# Study Bible Question



## Ravens (Sep 10, 2006)

This is kind of random, but are there any Bibles (study or otherwise, just figured it would probably be the former) of the KJV or NKJV stripe that include the 3FU and Westminster Standards in the back? I know the NIV has one, and maybe the ESV... but are there any available with a KJV or NKJV translation? 

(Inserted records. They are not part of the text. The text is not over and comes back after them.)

(* A uniformly random sequence of length t in a finite abelian group G has on
   average (2^t - 1)/|G| nonempty zero-sum subsequences, and the subsums over
   two distinct nonempty index sets are independent and uniform, so Chebyshev's
   inequality bounds the probability of having no nonempty zero-sum subsequence
   by |G|/(2^t - 1). If moreover every term has order at least t, a zero-sum
   subsequence has cross number at most 1. In Gamma = prod_i Z_(p_i^k) the order
   of an element is at least that of its Z_(p_1^k)-component, which is below
   p_1^(k/2) with probability at most p_1^(-k/2); so t = (prod_i p_i) k + 3 works
   for large k. Hence Pr_1/2(Gamma) = O(k), which is below the stated bound
   because k <= k^d and (c lg k)^(1/(d+1)) outgrows lg lg k. *)

Section AdditiveFibers.
Variables (A B : finZmodType) (f : A -> B).
Hypothesis fD : {morph f : x y / x + y}.

Lemma morph0 : f 0 = 0.
Proof. by apply: (addrI (f 0)); rewrite -fD !addr0. Qed.

Lemma morphN x : f (- x) = - f x.
Proof. by apply: (addrI (f x)); rewrite -fD !subrr morph0. Qed.

Lemma morphMn x n : f (x *+ n) = f x *+ n.
Proof. by elim: n => [|n IH]; rewrite ?morph0 // !mulrS fD IH. Qed.

Lemma order_morph_dvdn x : (#[f x]%g %| #[x]%g)%N.
Proof.
by rewrite order_dvdn FinRing.zmodXgE -morphMn -FinRing.zmodXgE expg_order morph0.
Qed.

Hypothesis f_surj : forall b, exists x, f x = b.

Lemma card_fiber b : (#|[set x | f x == b]| * #|B| = #|A|)%N.
Proof.
have fiber_translate c : #|[set x | f x == c]| = #|[set x | f x == 0]|.
  have [u <-] := f_surj c.
  rewrite -(card_imset [set x | f x == 0] (addIr u)); apply: eq_card => y; rewrite inE.
  apply/eqP/imsetP => [fy|[x]]; last by rewrite inE => /eqP fx ->; rewrite fD fx add0r.
  by exists (y - u); rewrite ?subrK // inE fD morphN fy subrr.
rewrite -[#|A|]sum1_card (partition_big f predT) //=.
rewrite (eq_bigr (fun _ => #|[set x | f x == b]|)) => [|c _].
  by rewrite sum_nat_const mulnC.
rewrite (fiber_translate b) -(fiber_translate c) -sum1_card.
by apply: eq_bigl => x; rewrite inE.
Qed.

Lemma card_preimset (S : {pred B}) :
  (#|[set x | f x \in S]| * #|B| = #|S| * #|A|)%N.
Proof.
rewrite -sum1_card (partition_big f (mem S)) => [|x]; last by rewrite inE.
rewrite big_distrl -(sum1_card S) big_distrl; apply: eq_bigr => b Sb /=.
rewrite mul1n -(card_fiber b) -sum1_card; congr (_ * _)%N.
by apply: eq_bigl => x; rewrite !inE andb_idl // => /eqP->.
Qed.

End AdditiveFibers.

HB.instance Definition _ (G : finZmodType) (t : nat) :=
  GRing.Zmodule.on {ffun 'I_t -> G}.

Lemma leq_card_bigcup (I T : finType) (A : I -> {set T}) :
  (#|\bigcup_i A i| <= \sum_i #|A i|)%N.
Proof.
elim/big_rec2: _ => [|i n B _ IH]; first by rewrite cards0.
by apply: leq_trans (leq_card_setU (A i) B).1 _; rewrite leq_add2l.
Qed.

Section Subsums.
Variables (G : finZmodType) (t : nat).
Local Notation seqG := {ffun 'I_t -> G}.

Lemma card_coord_preimset (S : {pred G}) (i : 'I_t) :
  (#|[set a : seqG | a i \in S]| * #|G| = #|S| * #|G| ^ t)%N.
Proof.
have coordD : {morph (fun a : seqG => a i) : a b / a + b} by move=> a b; rewrite ffunE.
have coord_surj g : exists a : seqG, a i = g by exists [ffun=> g]; rewrite ffunE.
by rewrite (card_preimset coordD coord_surj) card_ffun card_ord.
Qed.

Lemma card_exists_coord (S : {pred G}) P : (#|S| * P <= #|G|)%N ->
  (#|[set a : seqG | [exists i, a i \in S]]| * P <= t * #|G| ^ t)%N.
Proof.
move=> S_small; have G_gt0 : (0 < #|G|)%N by apply/card_gt0P; exists 0.
have -> : [set a : seqG | [exists i, a i \in S]] = \bigcup_i [set a : seqG | a i \in S].
  apply/setP => a; rewrite inE.
  by apply/existsP/bigcupP => [[i Sai]|[i _]]; [exists i; rewrite ?inE|rewrite inE; exists i].
have := leq_card_bigcup (fun i => [set a : seqG | a i \in S]).
move=> /leq_mul/(_ (leqnn P))/leq_trans; apply.
rewrite big_distrl -[t in (t * _)%N]card_ord -sum_nat_const.
apply: leq_sum => i _; rewrite /= -(leq_pmul2r G_gt0) mulnAC card_coord_preimset.
by rewrite mulnAC mulnC leq_mul2l S_small orbT.
Qed.

Definition subsum (I : {set 'I_t}) (a : seqG) : G := \sum_(i in I) a i.

Lemma subsumD I : {morph subsum I : a b / a + b}.
Proof. by move=> a b; rewrite /subsum -big_split; apply: eq_bigr => i _; rewrite ffunE. Qed.

Definition delta (x : 'I_t) (g : G) : seqG := [ffun i => if i == x then g else 0].

Lemma subsum_delta I x g : subsum I (delta x g) = if x \in I then g else 0.
Proof.
rewrite /subsum; case: ifP => Ix.
  rewrite (bigD1 x) //= ffunE eqxx big1 ?addr0 // => i /andP[_ /negbTE xi].
  by rewrite ffunE xi.
by rewrite big1 // => i Ii; rewrite ffunE; case: eqP => // ix; rewrite -ix Ii in Ix.
Qed.

Lemma card_subsum_eq0 I : I != set0 ->
  (#|[set a : seqG | subsum I a == 0%R]| * #|G| = #|G| ^ t)%N.
Proof.
case/set0Pn => x Ix.
have subsum_surj g : exists a, subsum I a = g by exists (delta x g); rewrite subsum_delta Ix.
by rewrite (card_fiber (subsumD I) subsum_surj) card_ffun card_ord.
Qed.

Lemma card_subsum2_eq0 I J : I != set0 -> J != set0 -> I != J ->
  (#|[set a : seqG | (subsum I a == 0%R) && (subsum J a == 0%R)]| * (#|G| * #|G|)
     = #|G| ^ t)%N.
Proof.
wlog [x Ix xJ] : I J / exists2 x, x \in I & x \notin J.
  move=> wlog I0 J0 IJ.
  have [IsubJ|/subsetPn[x Ix xJ]] := boolP (I \subset J); last by apply: wlog => //; exists x.
  have /subsetPn[x Jx xI] : ~~ (J \subset I).
    by apply: contra IJ => JsubI; rewrite eqEsubset IsubJ.
  have JI : J != I by rewrite eq_sym.
  rewrite -(wlog J I _ J0 I0 JI); last by exists x.
  by congr (_ * _)%N; apply: eq_card => a; rewrite !inE andbC.
move=> _ /set0Pn[y Jy] _.
pose f a := (subsum I a, subsum J a) : G * G.
have fD : {morph f : a b / a + b} by move=> a b; rewrite /f !subsumD.
have f_surj gh : exists a, f a = gh.
  case: gh => g h; exists (delta x (g - (if y \in I then h else 0)) + delta y h).
  rewrite /f !subsumD !subsum_delta Ix Jy (negbTE xJ) add0r; congr pair.
  by case: ifP; rewrite ?subr0 ?addr0 ?subrK.
by have := card_fiber fD f_surj 0; rewrite card_ffun card_ord card_prod => <-.
Qed.
End Subsums.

Or does any Reformed website publish a Bible-sized "insert" or something that you could tape into a Bible you own?

Just curious.


----------



## Ivan (Sep 10, 2006)

> _Originally posted by Mudandstars_
> This is kind of random, but are there any Bibles (study or otherwise, just figured it would probably be the former) of the KJV or NKJV stripe that include the 3FU and Westminster Standards in the back? I know the NIV has one, and maybe the ESV... but are there any available with a KJV or NKJV translation?
> 
> Or does any Reformed website publish a Bible-sized "insert" or something that you could tape into a Bible you own?
> ...



This might be what you're looking for:

http://www.amazon.com/exec/obidos/tg/detail/-/0785258523?v=glance


----------



## Ravens (Sep 10, 2006)

Yeah that's definitely an option. Do they make one with the KJV that you know of? Not to have you do my leg-work, I'm just terrible at finding stuff like that.


----------



## Ivan (Sep 10, 2006)

Joshua, 

I don't haven't seen a KJV used with the Reformation Study Bible...sorry.


----------



## beej6 (Sep 11, 2006)

The NKJV study bible referenced above does *not* have the confessions in it.

No ESV study bible has them either. As far as I know, only the _Spirit of the Reformation_ (NIV) has the confessions and catechisms.


----------



## larryjf (Sep 11, 2006)

I would recommend getting the KJV Matthew Henry study Bible.
Then get a Bible cover for it with a zipper pouch that you can stick the Westminster Standards into for reference.

KJV Matthew Henry Study Bible

Westminster Standards


----------